Data for processing Block Start

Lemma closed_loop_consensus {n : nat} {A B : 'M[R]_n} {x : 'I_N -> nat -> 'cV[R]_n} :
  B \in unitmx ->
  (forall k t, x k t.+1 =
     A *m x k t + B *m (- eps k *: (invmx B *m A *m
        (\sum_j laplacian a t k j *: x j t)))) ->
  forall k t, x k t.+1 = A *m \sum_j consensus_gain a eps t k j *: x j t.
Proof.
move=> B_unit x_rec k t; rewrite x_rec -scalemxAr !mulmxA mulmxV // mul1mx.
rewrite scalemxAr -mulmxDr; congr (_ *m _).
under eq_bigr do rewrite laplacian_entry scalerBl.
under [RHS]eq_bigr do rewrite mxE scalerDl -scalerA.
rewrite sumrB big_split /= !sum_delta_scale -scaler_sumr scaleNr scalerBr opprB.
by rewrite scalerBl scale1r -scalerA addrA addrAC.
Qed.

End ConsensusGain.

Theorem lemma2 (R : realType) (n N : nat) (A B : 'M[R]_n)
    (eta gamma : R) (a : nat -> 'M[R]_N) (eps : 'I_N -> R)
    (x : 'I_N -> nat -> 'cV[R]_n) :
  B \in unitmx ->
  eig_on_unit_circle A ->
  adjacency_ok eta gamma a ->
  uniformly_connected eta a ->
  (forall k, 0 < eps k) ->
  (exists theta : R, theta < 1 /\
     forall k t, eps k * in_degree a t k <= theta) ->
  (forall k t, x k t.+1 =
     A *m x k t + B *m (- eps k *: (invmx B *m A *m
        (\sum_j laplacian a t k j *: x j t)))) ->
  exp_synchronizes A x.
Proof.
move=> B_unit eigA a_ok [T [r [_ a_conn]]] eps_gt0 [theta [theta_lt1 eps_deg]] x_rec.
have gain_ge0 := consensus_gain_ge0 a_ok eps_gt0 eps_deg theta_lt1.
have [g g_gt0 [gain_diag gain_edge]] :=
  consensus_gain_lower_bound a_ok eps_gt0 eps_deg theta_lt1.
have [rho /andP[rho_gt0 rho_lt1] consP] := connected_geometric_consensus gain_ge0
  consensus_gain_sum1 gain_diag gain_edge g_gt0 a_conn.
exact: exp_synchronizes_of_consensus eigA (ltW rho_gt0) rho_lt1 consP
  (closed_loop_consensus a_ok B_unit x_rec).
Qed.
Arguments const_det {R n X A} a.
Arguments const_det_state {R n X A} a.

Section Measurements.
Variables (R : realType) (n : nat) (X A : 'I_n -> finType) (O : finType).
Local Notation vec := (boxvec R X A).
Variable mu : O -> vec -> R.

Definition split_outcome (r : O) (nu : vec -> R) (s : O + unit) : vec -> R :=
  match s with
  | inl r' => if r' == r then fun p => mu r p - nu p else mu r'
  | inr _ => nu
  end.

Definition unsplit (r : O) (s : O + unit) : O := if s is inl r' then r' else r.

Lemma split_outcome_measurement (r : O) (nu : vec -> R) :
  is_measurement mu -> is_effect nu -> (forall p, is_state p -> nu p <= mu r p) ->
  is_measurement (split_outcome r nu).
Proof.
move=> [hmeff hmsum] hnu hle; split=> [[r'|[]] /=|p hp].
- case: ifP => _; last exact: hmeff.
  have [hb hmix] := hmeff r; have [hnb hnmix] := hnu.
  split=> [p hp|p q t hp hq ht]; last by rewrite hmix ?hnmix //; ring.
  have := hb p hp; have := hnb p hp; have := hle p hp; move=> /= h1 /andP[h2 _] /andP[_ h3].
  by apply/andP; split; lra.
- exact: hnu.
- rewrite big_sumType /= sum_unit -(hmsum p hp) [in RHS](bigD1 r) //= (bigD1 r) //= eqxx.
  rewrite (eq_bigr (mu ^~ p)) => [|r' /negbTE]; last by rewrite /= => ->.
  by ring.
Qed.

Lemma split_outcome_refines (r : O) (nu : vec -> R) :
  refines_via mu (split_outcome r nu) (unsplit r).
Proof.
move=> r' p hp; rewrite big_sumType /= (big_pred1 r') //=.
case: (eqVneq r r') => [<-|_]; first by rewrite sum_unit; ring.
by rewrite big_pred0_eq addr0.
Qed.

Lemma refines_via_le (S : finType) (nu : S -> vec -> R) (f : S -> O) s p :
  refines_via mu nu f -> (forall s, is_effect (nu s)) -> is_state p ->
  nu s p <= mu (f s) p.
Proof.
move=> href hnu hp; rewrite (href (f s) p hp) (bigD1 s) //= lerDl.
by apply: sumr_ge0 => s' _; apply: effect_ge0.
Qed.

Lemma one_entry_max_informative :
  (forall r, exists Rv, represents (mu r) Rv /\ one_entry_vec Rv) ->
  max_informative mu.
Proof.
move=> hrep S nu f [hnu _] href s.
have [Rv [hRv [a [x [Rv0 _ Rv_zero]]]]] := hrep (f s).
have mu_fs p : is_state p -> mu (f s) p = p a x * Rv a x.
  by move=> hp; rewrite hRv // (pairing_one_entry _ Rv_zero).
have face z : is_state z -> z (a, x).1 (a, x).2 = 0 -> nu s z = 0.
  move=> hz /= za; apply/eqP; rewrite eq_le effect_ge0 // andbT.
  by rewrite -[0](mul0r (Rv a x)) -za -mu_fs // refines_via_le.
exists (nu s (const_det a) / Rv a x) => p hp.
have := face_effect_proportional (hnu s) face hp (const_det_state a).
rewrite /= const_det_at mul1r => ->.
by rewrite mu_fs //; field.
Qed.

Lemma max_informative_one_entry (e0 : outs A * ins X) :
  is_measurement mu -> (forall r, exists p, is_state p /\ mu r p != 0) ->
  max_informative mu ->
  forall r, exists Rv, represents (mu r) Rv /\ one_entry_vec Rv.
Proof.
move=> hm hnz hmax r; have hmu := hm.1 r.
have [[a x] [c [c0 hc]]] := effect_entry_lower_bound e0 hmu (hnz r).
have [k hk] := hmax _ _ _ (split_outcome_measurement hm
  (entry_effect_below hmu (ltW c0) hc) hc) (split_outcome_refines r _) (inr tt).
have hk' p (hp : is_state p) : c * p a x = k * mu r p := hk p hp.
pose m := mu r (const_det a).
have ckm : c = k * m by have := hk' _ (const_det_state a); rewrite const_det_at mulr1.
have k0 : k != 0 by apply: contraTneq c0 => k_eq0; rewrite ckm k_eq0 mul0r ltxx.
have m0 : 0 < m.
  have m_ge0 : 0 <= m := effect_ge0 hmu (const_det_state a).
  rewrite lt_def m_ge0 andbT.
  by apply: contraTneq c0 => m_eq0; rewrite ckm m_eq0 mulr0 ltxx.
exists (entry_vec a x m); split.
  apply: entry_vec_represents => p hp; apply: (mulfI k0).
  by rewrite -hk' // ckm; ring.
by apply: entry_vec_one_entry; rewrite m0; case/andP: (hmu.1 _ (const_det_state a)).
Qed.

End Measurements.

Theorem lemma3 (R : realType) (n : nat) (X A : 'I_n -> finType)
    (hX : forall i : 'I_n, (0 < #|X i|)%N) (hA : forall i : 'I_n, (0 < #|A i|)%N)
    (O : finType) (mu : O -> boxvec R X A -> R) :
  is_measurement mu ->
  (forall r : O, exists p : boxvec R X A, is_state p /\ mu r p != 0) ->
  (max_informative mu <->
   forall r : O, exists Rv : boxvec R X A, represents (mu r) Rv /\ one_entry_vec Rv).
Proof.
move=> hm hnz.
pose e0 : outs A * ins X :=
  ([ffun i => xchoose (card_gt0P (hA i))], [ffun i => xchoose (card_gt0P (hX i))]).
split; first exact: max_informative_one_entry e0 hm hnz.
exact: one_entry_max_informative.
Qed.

Data for processing Block End

Make an exact transcription of all the records.

Lemma closed_loop_consensus {n : nat} {A B : 'M[R]_n} {x : 'I_N -> nat -> 'cV[R]_n} :
  B \in unitmx ->
  (forall k t, x k t.+1 =
     A *m x k t + B *m (- eps k *: (invmx B *m A *m
        (\sum_j laplacian a t k j *: x j t)))) ->
  forall k t, x k t.+1 = A *m \sum_j consensus_gain a eps t k j *: x j t.
Proof.
move=> B_unit x_rec k t; rewrite x_rec -scalemxAr !mulmxA mulmxV // mul1mx.
rewrite scalemxAr -mulmxDr; congr (_ *m _).
under eq_bigr do rewrite laplacian_entry scalerBl.
under [RHS]eq_bigr do rewrite mxE scalerDl -scalerA.
rewrite sumrB big_split /= !sum_delta_scale -scaler_sumr scaleNr scalerBr opprB.
by rewrite scalerBl scale1r -scalerA addrA addrAC.
Qed.

End ConsensusGain.

Theorem lemma2 (R : realType) (n N : nat) (A B : 'M[R]_n)
    (eta gamma : R) (a : nat -> 'M[R]_N) (eps : 'I_N -> R)
    (x : 'I_N -> nat -> 'cV[R]_n) :
  B \in unitmx ->
  eig_on_unit_circle A ->
  adjacency_ok eta gamma a ->
  uniformly_connected eta a ->
  (forall k, 0 < eps k) ->
  (exists theta : R, theta < 1 /\
     forall k t, eps k * in_degree a t k <= theta) ->
  (forall k t, x k t.+1 =
     A *m x k t + B *m (- eps k *: (invmx B *m A *m
        (\sum_j laplacian a t k j *: x j t)))) ->
  exp_synchronizes A x.
Proof.
move=> B_unit eigA a_ok [T [r [_ a_conn]]] eps_gt0 [theta [theta_lt1 eps_deg]] x_rec.
have gain_ge0 := consensus_gain_ge0 a_ok eps_gt0 eps_deg theta_lt1.
have [g g_gt0 [gain_diag gain_edge]] :=
  consensus_gain_lower_bound a_ok eps_gt0 eps_deg theta_lt1.
have [rho /andP[rho_gt0 rho_lt1] consP] := connected_geometric_consensus gain_ge0
  consensus_gain_sum1 gain_diag gain_edge g_gt0 a_conn.
exact: exp_synchronizes_of_consensus eigA (ltW rho_gt0) rho_lt1 consP
  (closed_loop_consensus a_ok B_unit x_rec).
Qed.
Arguments const_det {R n X A} a.
Arguments const_det_state {R n X A} a.

Section Measurements.
Variables (R : realType) (n : nat) (X A : 'I_n -> finType) (O : finType).
Local Notation vec := (boxvec R X A).
Variable mu : O -> vec -> R.

Definition split_outcome (r : O) (nu : vec -> R) (s : O + unit) : vec -> R :=
  match s with
  | inl r' => if r' == r then fun p => mu r p - nu p else mu r'
  | inr _ => nu
  end.

Definition unsplit (r : O) (s : O + unit) : O := if s is inl r' then r' else r.

Lemma split_outcome_measurement (r : O) (nu : vec -> R) :
  is_measurement mu -> is_effect nu -> (forall p, is_state p -> nu p <= mu r p) ->
  is_measurement (split_outcome r nu).
Proof.
move=> [hmeff hmsum] hnu hle; split=> [[r'|[]] /=|p hp].
- case: ifP => _; last exact: hmeff.
  have [hb hmix] := hmeff r; have [hnb hnmix] := hnu.
  split=> [p hp|p q t hp hq ht]; last by rewrite hmix ?hnmix //; ring.
  have := hb p hp; have := hnb p hp; have := hle p hp; move=> /= h1 /andP[h2 _] /andP[_ h3].
  by apply/andP; split; lra.
- exact: hnu.
- rewrite big_sumType /= sum_unit -(hmsum p hp) [in RHS](bigD1 r) //= (bigD1 r) //= eqxx.
  rewrite (eq_bigr (mu ^~ p)) => [|r' /negbTE]; last by rewrite /= => ->.
  by ring.
Qed.

Lemma split_outcome_refines (r : O) (nu : vec -> R) :
  refines_via mu (split_outcome r nu) (unsplit r).
Proof.
move=> r' p hp; rewrite big_sumType /= (big_pred1 r') //=.
case: (eqVneq r r') => [<-|_]; first by rewrite sum_unit; ring.
by rewrite big_pred0_eq addr0.
Qed.

Lemma refines_via_le (S : finType) (nu : S -> vec -> R) (f : S -> O) s p :
  refines_via mu nu f -> (forall s, is_effect (nu s)) -> is_state p ->
  nu s p <= mu (f s) p.
Proof.
move=> href hnu hp; rewrite (href (f s) p hp) (bigD1 s) //= lerDl.
by apply: sumr_ge0 => s' _; apply: effect_ge0.
Qed.

Lemma one_entry_max_informative :
  (forall r, exists Rv, represents (mu r) Rv /\ one_entry_vec Rv) ->
  max_informative mu.
Proof.
move=> hrep S nu f [hnu _] href s.
have [Rv [hRv [a [x [Rv0 _ Rv_zero]]]]] := hrep (f s).
have mu_fs p : is_state p -> mu (f s) p = p a x * Rv a x.
  by move=> hp; rewrite hRv // (pairing_one_entry _ Rv_zero).
have face z : is_state z -> z (a, x).1 (a, x).2 = 0 -> nu s z = 0.
  move=> hz /= za; apply/eqP; rewrite eq_le effect_ge0 // andbT.
  by rewrite -[0](mul0r (Rv a x)) -za -mu_fs // refines_via_le.
exists (nu s (const_det a) / Rv a x) => p hp.
have := face_effect_proportional (hnu s) face hp (const_det_state a).
rewrite /= const_det_at mul1r => ->.
by rewrite mu_fs //; field.
Qed.

Lemma max_informative_one_entry (e0 : outs A * ins X) :
  is_measurement mu -> (forall r, exists p, is_state p /\ mu r p != 0) ->
  max_informative mu ->
  forall r, exists Rv, represents (mu r) Rv /\ one_entry_vec Rv.
Proof.
move=> hm hnz hmax r; have hmu := hm.1 r.
have [[a x] [c [c0 hc]]] := effect_entry_lower_bound e0 hmu (hnz r).
have [k hk] := hmax _ _ _ (split_outcome_measurement hm
  (entry_effect_below hmu (ltW c0) hc) hc) (split_outcome_refines r _) (inr tt).
have hk' p (hp : is_state p) : c * p a x = k * mu r p := hk p hp.
pose m := mu r (const_det a).
have ckm : c = k * m by have := hk' _ (const_det_state a); rewrite const_det_at mulr1.
have k0 : k != 0 by apply: contraTneq c0 => k_eq0; rewrite ckm k_eq0 mul0r ltxx.
have m0 : 0 < m.
  have m_ge0 : 0 <= m := effect_ge0 hmu (const_det_state a).
  rewrite lt_def m_ge0 andbT.
  by apply: contraTneq c0 => m_eq0; rewrite ckm m_eq0 mulr0 ltxx.
exists (entry_vec a x m); split.
  apply: entry_vec_represents => p hp; apply: (mulfI k0).
  by rewrite -hk' // ckm; ring.
by apply: entry_vec_one_entry; rewrite m0; case/andP: (hmu.1 _ (const_det_state a)).
Qed.

End Measurements.

Theorem lemma3 (R : realType) (n : nat) (X A : 'I_n -> finType)
    (hX : forall i : 'I_n, (0 < #|X i|)%N) (hA : forall i : 'I_n, (0 < #|A i|)%N)
    (O : finType) (mu : O -> boxvec R X A -> R) :
  is_measurement mu ->
  (forall r : O, exists p : boxvec R X A, is_state p /\ mu r p != 0) ->
  (max_informative mu <->
   forall r : O, exists Rv : boxvec R X A, represents (mu r) Rv /\ one_entry_vec Rv).
Proof.
move=> hm hnz.
pose e0 : outs A * ins X :=
  ([ffun i => xchoose (card_gt0P (hA i))], [ffun i => xchoose (card_gt0P (hX i))]).
split; first exact: max_informative_one_entry e0 hm hnz.
exact: one_entry_max_informative.
Qed.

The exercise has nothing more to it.